There are three practical options for extracting the necessary steam for the carbon capture process from a typical combined-cycle steam turbine system:

  • Throttle cold reheat IP. This approach uses IP steam but with the addition of a throttle valve designed to keep the IP pressure constant even when large quantities of steam are extracted. This approach would be selected when the IP and LP turbines are located in the same casing and no IP-LP crossover or LP extraction is possible. Although significant throttling losses occur, this setup offers flexibility to extract any amount of steam needed (that is, for less than 90% CO2 capture scenarios) and the capability to restore full power generation rapidly when the CO2 capture system is not in operation (Figure 3).

    3. Steam extraction from IP/LP turbines.
    Source: Bechtel

  • Backpressure turbine. If the steam extraction for the postcombustion capture plant is taken from an IP/LP crossover pipe, the pressure and temperature are too high for direct use in the sorbent regeneration process. The best solution is to recover much of the available energy to generate additional power through a noncondensing turbine to supply the required steam pressure and temperature to the carbon capture process while reducing the additional auxiliary load (Figure 4). The less-desirable alternative is to spray water in an oversize attemperator.

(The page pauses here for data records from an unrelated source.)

(* Let $0\le B\le A\in B(H)$. Then for every $\xi\in\operatorname{Adm}(B)$, $$\operatorname{tr}\big((A-I)_+\big)\ \ge\ \sum\{\xi_j-1 : \xi_j>1\}.$$
   Context: $\operatorname{Adm}(B)$ is the set of sequences $\xi\in\ell^\infty_+$ such that $B=\sum_j\xi_jP_j$ for some rank-one projections $P_j$ (series converging strongly if infinite). $(A-I)_+$ is the positive part of the selfadjoint operator $A-I$, and $\operatorname{tr}$ is the standard trace. *)

From Stdlib Require Import Reals Lra List.
Open Scope R_scope.
Set Implicit Arguments.

Record Cx := mkC { Re : R ; Im : R }.
Definition C0 : Cx := mkC 0 0.
Definition C1 : Cx := mkC 1 0.
Definition RC (r : R) : Cx := mkC r 0.
Definition Cadd (a b : Cx) : Cx := mkC (Re a + Re b) (Im a + Im b).
Definition Cmul (a b : Cx) : Cx :=
  mkC (Re a * Re b - Im a * Im b) (Re a * Im b + Im a * Re b).
Definition Cconj (a : Cx) : Cx := mkC (Re a) (- Im a).

Record HOps (H : Type) := {
  vadd  : H -> H -> H ;
  vzero : H ;
  vopp  : H -> H ;
  vscal : Cx -> H -> H ;
  ip    : H -> H -> Cx   (* linear in the 1st, conjugate-linear in the 2nd argument *)
}.

Section HilbertDefs.
Variable H : Type.
Variable o : HOps H.

Definition vsub (x y : H) : H := vadd o x (vopp o y).
Definition norm (x : H) : R := sqrt (Re (ip o x x)).

Definition cv_to (u : nat -> H) (l : H) : Prop :=
  forall eps, eps > 0 -> exists N, forall n, (n >= N)%nat -> norm (vsub (u n) l) < eps.
Definition cauchy (u : nat -> H) : Prop :=
  forall eps, eps > 0 -> exists N, forall n m, (n >= N)%nat -> (m >= N)%nat ->
    norm (vsub (u n) (u m)) < eps.

Record is_CHilbert : Prop := {
  vadd_assoc : forall x y z, vadd o x (vadd o y z) = vadd o (vadd o x y) z ;
  vadd_comm  : forall x y, vadd o x y = vadd o y x ;
  vadd_0     : forall x, vadd o x (vzero o) = x ;
  vadd_opp   : forall x, vadd o x (vopp o x) = vzero o ;
  vscal_1    : forall x, vscal o C1 x = x ;
  vscal_assoc : forall a b x, vscal o a (vscal o b x) = vscal o (Cmul a b) x ;
  vscal_distr_v : forall a x y, vscal o a (vadd o x y) = vadd o (vscal o a x) (vscal o a y) ;
  vscal_distr_s : forall a b x, vscal o (Cadd a b) x = vadd o (vscal o a x) (vscal o b x) ;
  ip_add_l  : forall x y z, ip o (vadd o x y) z = Cadd (ip o x z) (ip o y z) ;
  ip_scal_l : forall a x y, ip o (vscal o a x) y = Cmul a (ip o x y) ;
  ip_conj   : forall x y, ip o y x = Cconj (ip o x y) ;
  ip_pos    : forall x, 0 <= Re (ip o x x) ;
  ip_def    : forall x, Re (ip o x x) = 0 -> x = vzero o ;
  complete  : forall u, cauchy u -> exists l, cv_to u l
}.

Definition linear_op (T : H -> H) : Prop :=
  (forall x y, T (vadd o x y) = vadd o (T x) (T y)) /\
  (forall a x, T (vscal o a x) = vscal o a (T x)).

Definition bounded_op (T : H -> H) : Prop :=
  linear_op T /\ exists M, forall x, norm (T x) <= M * norm x.

Definition opsub (S T : H -> H) : H -> H := fun x => vsub (S x) (T x).
Definition idop : H -> H := fun x => x.
Definition zeroop : H -> H := fun _ => vzero o.

Definition positive_op (T : H -> H) : Prop :=
  forall x, Im (ip o (T x) x) = 0 /\ 0 <= Re (ip o (T x) x).

Definition op_le (S T : H -> H) : Prop := positive_op (opsub T S).

Definition rank_one_proj (P : H -> H) : Prop :=
  exists e, norm e = 1 /\ forall x, P x = vscal o (ip o x e) e.

Definition op_sqrt (S Y : H -> H) : Prop :=
  bounded_op S /\ positive_op S /\ forall x, S (S x) = Y x.

(* P = X_+ = (X + |X|)/2 with |X| = (X^2)^{1/2} *)
Definition pos_part (X P : H -> H) : Prop :=
  exists S, op_sqrt S (fun x => X (X x)) /\
    forall x, P x = vscal o (RC (1/2)) (vadd o (X x) (S x)).

Definition onb (I : Type) (e : I -> H) : Prop :=
  (forall i, ip o (e i) (e i) = C1) /\
  (forall i j, i <> j -> ip o (e i) (e j) = C0) /\
  (forall x, (forall i, ip o x (e i) = C0) -> x = vzero o).

(* tr T >= s  (in [0,+oo]) where tr T = sum_i <T e_i, e_i> over an
   orthonormal basis (a sum of nonnegative terms for T >= 0, i.e. the sup
   of its finite partial sums); required for every orthonormal basis. *)
Definition trace_ge (T : H -> H) (s : R) : Prop :=
  forall (I : Type) (e : I -> H), onb e ->
    forall eps, eps > 0 -> exists l : list I, NoDup l /\
      s - eps < fold_right (fun i acc => Re (ip o (T (e i)) (e i)) + acc) 0 l.

(* index set: {0,...,n-1} if len = Some n, all of nat if len = None *)
Definition in_idx (len : option nat) (j : nat) : Prop :=
  match len with Some n => (j < n)%nat | None => True end.
Definition prefix_ok (len : option nat) (N : nat) : Prop :=
  match len with Some n => (N <= n)%nat | None => True end.

Fixpoint psum (xi : nat -> R) (Pj : nat -> H -> H) (n : nat) (x : H) : H :=
  match n with
  | O => vzero o
  | S k => vadd o (psum xi Pj k x) (vscal o (RC (xi k)) (Pj k x))
  end.

Definition admissible (B : H -> H) (len : option nat) (xi : nat -> R) : Prop :=
  (forall j, in_idx len j -> 0 <= xi j) /\
  (exists M, forall j, in_idx len j -> xi j <= M) /\
  exists Pj : nat -> H -> H,
    (forall j, in_idx len j -> rank_one_proj (Pj j)) /\
    match len with
    | Some n => forall x, B x = psum xi Pj n x
    | None => forall x, cv_to (fun N => psum xi Pj N x) (B x)
    end.

End HilbertDefs.

(* partial sums of  sum { xi_j - 1 : xi_j > 1 } *)
Fixpoint excess (xi : nat -> R) (N : nat) : R :=
  match N with
  | O => 0
  | S k => excess xi k + (if Rlt_dec 1 (xi k) then xi k - 1 else 0)
  end.

(* Let F = {j < N : xi_j > 1} and write B = sum_j xi_j <., g_j> g_j with unit
   vectors g_j.  Take an orthonormal basis h_1, ..., h_m of span {g_j : j in F},
   so m <= |F|.  Since (A - I)_+ >= A - I >= B - I, each h satisfies
   <(A - I)_+ h, h> >= sum_(j in F) xi_j |<h, g_j>|^2 - 1, and summing over h
   gives sum_(j in F) xi_j - m >= sum_(j in F) (xi_j - 1).  The trace of a
   positive operator P, computed in any orthonormal basis, dominates
   sum_h <P h, h>: write P = W^2 and use Bessel and Parseval.  Finally
   X_+ = (X + |X|)/2 dominates both X and 0 because |X| >= X and |X| >= -X,
   which follows from |X|^2 = X^2 by an approximate-eigenvector argument. *)

From Pilot Require Import Defs.
From Stdlib Require Import Reals Lra Lia List Classical FunctionalExtensionality ClassicalEpsilon.
Open Scope R_scope.
Set Implicit Arguments.

Lemma Cx_eq (a b : Cx) : Re a = Re b -> Im a = Im b -> a = b.
Proof. destruct a, b; simpl; intros; subst; reflexivity. Qed.

Definition Cnorm2 (z : Cx) : R := Re z * Re z + Im z * Im z.

Lemma Cnorm2_ge0 z : 0 <= Cnorm2 z.
Proof. unfold Cnorm2; nra. Qed.

Lemma Cnorm2_eq0 z : Cnorm2 z = 0 -> z = C0.
Proof. unfold Cnorm2; intros; apply Cx_eq; simpl; nra. Qed.

Lemma Re_sqr_le_Cnorm2 z : Re z * Re z <= Cnorm2 z.
Proof. unfold Cnorm2; nra. Qed.

Lemma Rle_eps_eq a b : (forall e, 0 < e -> Rabs (a - b) <= e) -> a = b.
Proof.
  intros Hs. destruct (Req_dec (a - b) 0) as [E|E]; [lra|].
  pose proof (Rabs_pos_lt _ E). specialize (Hs (Rabs (a - b) / 2)). lra.
Qed.

Lemma Cx_eps_eq (z w : Cx) :
  (forall e, 0 < e -> Rabs (Re z - Re w) <= e /\ Rabs (Im z - Im w) <= e) -> z = w.
Proof. intro Hs; apply Cx_eq; apply Rle_eps_eq; intros e ep; apply Hs; auto. Qed.

Section InnerProduct.
Variable H : Type.
Variable o : HOps H.
Hypothesis hH : is_CHilbert o.

Notation ad := (vadd o).
Notation sc := (vscal o).
Notation z0 := (vzero o).
Notation op := (vopp o).
Notation ipo := (ip o).

Lemma ipDl x y z : ipo (ad x y) z = Cadd (ipo x z) (ipo y z).
Proof. apply (ip_add_l hH). Qed.
Lemma ipZl a x y : ipo (sc a x) y = Cmul a (ipo x y).
Proof. apply (ip_scal_l hH). Qed.
Lemma ipC x y : ipo y x = Cconj (ipo x y).
Proof. apply (ip_conj hH). Qed.

Lemma ipDr x y z : ipo x (ad y z) = Cadd (ipo x y) (ipo x z).
Proof. rewrite ipC, ipDl, (ipC y x), (ipC z x). apply Cx_eq; simpl; ring. Qed.
Lemma ipZr a x y : ipo x (sc a y) = Cmul (Cconj a) (ipo x y).
Proof. rewrite ipC, ipZl, (ipC y x). apply Cx_eq; simpl; ring. Qed.
Let unif_spec : unif != 0 /\ v unif = 1.
Proof. by apply: (epsilon_spec _ (fun p => p != 0 /\ v p = 1)); apply: val_unif. Qed.

Let reps_sys : residue_system v q reps.
Proof. exact: (epsilon_spec _ _ (residue_card D HD)). Qed.

Local Notation Y := (expansion q reps unif).

Let unif0 : unif != 0 := unif_spec.1.
Let val_unif1 : v unif = 1 := unif_spec.2.
Let Y_int := expansion_int vF reps_sys val_unif1.
Let Y_cover := expansion_cover vF reps_sys unif0 val_unif1.
Let Y_inj := expansion_inj vF reps_sys unif0 val_unif1.
Let unif_mul := vge_pi_mul vF val_unif1.
Let unif_div := vge_div_pi vF unif0 val_unif1.

Lemma vge_unif_Y n m : pF 1 (unif * Y n m).
Proof. by move/unif_mul: (Y_int n m); rewrite add0r. Qed.

Definition lower (y : F) := m2 1 0 (s * io y) 1.
Definition upper (t : F) := m2 1 (s * io t) 0 1.

Lemma cj_sio y : cj (s * io y) = - (s * io y).
Proof. by rewrite cjM cj_s cj_io mulNr. Qed.

Lemma lower_G y : G (lower y).
Proof. by rewrite inG_m2 cj_sio cj0 cj1; split; ring. Qed.

Lemma upper_G t : G (upper t).
Proof. by rewrite inG_m2 cj_sio cj0 cj1; split; ring. Qed.

Lemma w_G : G w.
Proof. by rewrite w_m2 inG_m2 cj0 cj1; split; ring. Qed.

Lemma lowerD y y' : lower y *m lower y' = lower (y + y').
Proof. by rewrite /lower /upper mulmx_m2 rmorphD; congr m2; ring. Qed.

Lemma upperD t t' : upper t *m upper t' = upper (t + t').
Proof. by rewrite /lower /upper mulmx_m2 rmorphD; congr m2; ring. Qed.

Lemma lower0 : lower 0 = 1%:M.
Proof. by rewrite /lower rmorph0 mulr0 m2_1. Qed.

Lemma w_upper x : w *m upper x = m2 0 1 1 (s * io x).
Proof. by rewrite w_m2 /upper mulmx_m2; congr m2; ring. Qed.

Lemma lower_K (m : nat) y : pF m y -> K m (lower y).
Proof.
move=> ym; rewrite inKE !m2E subrr; split; first exact: lower_G.
by split; rewrite ?inPE_sio //; apply: inPE0.
Qed.

Lemma upper_K (m : nat) t : pF m t -> K m (upper t).
Proof.
move=> tm; rewrite inKE !m2E subrr; split; first exact: upper_G.
by split; rewrite ?inPE_sio //; apply: inPE0.
Qed.

(* The entry [c conj d + d conj c = 0] of [g ginv g = 1] makes [c / d] purely imaginary. *)
Lemma G_row1_ratio g : G g -> g i1 i1 != 0 -> exists y, g i1 i0 = g i1 i1 * (s * io y).
Proof.
move=> Gg g11; have gV := mul_mx_ginv Gg.
rewrite (m2_eta g) ginv_m2 mulmx_m2 m2_1 in gV; case/m2_inj: gV => _ _ e10 _.
set u := g i1 i0 / g i1 i1.
have cg11 : cj (g i1 i1) != 0 by rewrite cj_eq0.
have u_imag : u + cj u = 0.
  have : (u + cj u) * (g i1 i1 * cj (g i1 i1)) = 0.
    by rewrite -e10 /u cjM cjV; field; rewrite g11 cg11.
  by move/eqP; rewrite !mulf_eq0 (negPf g11) (negPf cg11) !orbF => /eqP.
exists (im u); rewrite -[g i1 i0](divfK g11) -/u mulrC; congr (_ * _).
suff re_u : re u = 0 by rewrite {1}(coordE u) re_u rmorph0 add0r mulrC.
have : io (re u * 2) = 0.
  by rewrite -u_imag cjE {2}(coordE u) rmorphM rmorph_nat; ring.
by move/eqP; rewrite fmorph_eq0 mulf_eq0 (negPf two_unit.1) orbF => /eqP.
Qed.

Section Cosets.
Variable n : nat.
Hypothesis n_gt0 : (0 < n)%N.

Definition ncosets := (q ^ n.-1 * q.+1)%N.

Lemma ncosetsE : ncosets = (q ^ n + q ^ n.-1)%N.
Proof. by rewrite /ncosets -(prednK n_gt0) /= mulnS expnSr addnC mulnC. Qed.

    4. Steam extraction from HP cold reheat steam line. Source: Bechtel

  • Floating pressure LP. In the case of new plants, a better solution is to have the LP turbine operate at a pressure matching that of the reboiler. However, for retrofits, adding a noncondensing turbine may be the only way to recover some of the parasitic losses, despite the added complexity.

Table 1 also provides an example of the impact of a CO2 capture plant, starting with the standard overall performance of a nominal 50-Hz, 450-MW net power plant and showing the CO2 capture system performance and the incremental increase in auxiliary power expected with postcombustion capture. The amount of auxiliary electricity required is a function of how much CO2 is removed. It should be emphasized that each project must conduct its own evaluation based on specific site conditions, selected capture technology, and type of sorbent used. Because each steam turbine vendor has a different cycle design with dissimilar IP module exhaust pressures, the output power of the noncondensing turbine varies accordingly.

In the given case, steam extraction for the postcombustion capture plant reduces steam turbine output by almost 23%. In addition to the reduction in plant gross output due to the steam extraction, net power output is significantly reduced by the increase in the auxiliary (parasitic) load.

When accounting for the power needed for CO2 compression, the auxiliary loads for a plant with CCS are more than double than for the same plant without CCS. The use of the additional noncondensing turbine improves the plant heat rate. In this particular example the noncondensing turbine produces 25 MW. Without this turbine, auxiliary loads would be even higher.

Beyond the steam cycle losses, the net effect of CCS on the entire combined cycle includes poorer turbine section efficiency and capacity loss resulting from the gas turbine exhaust gas recirculation modifications.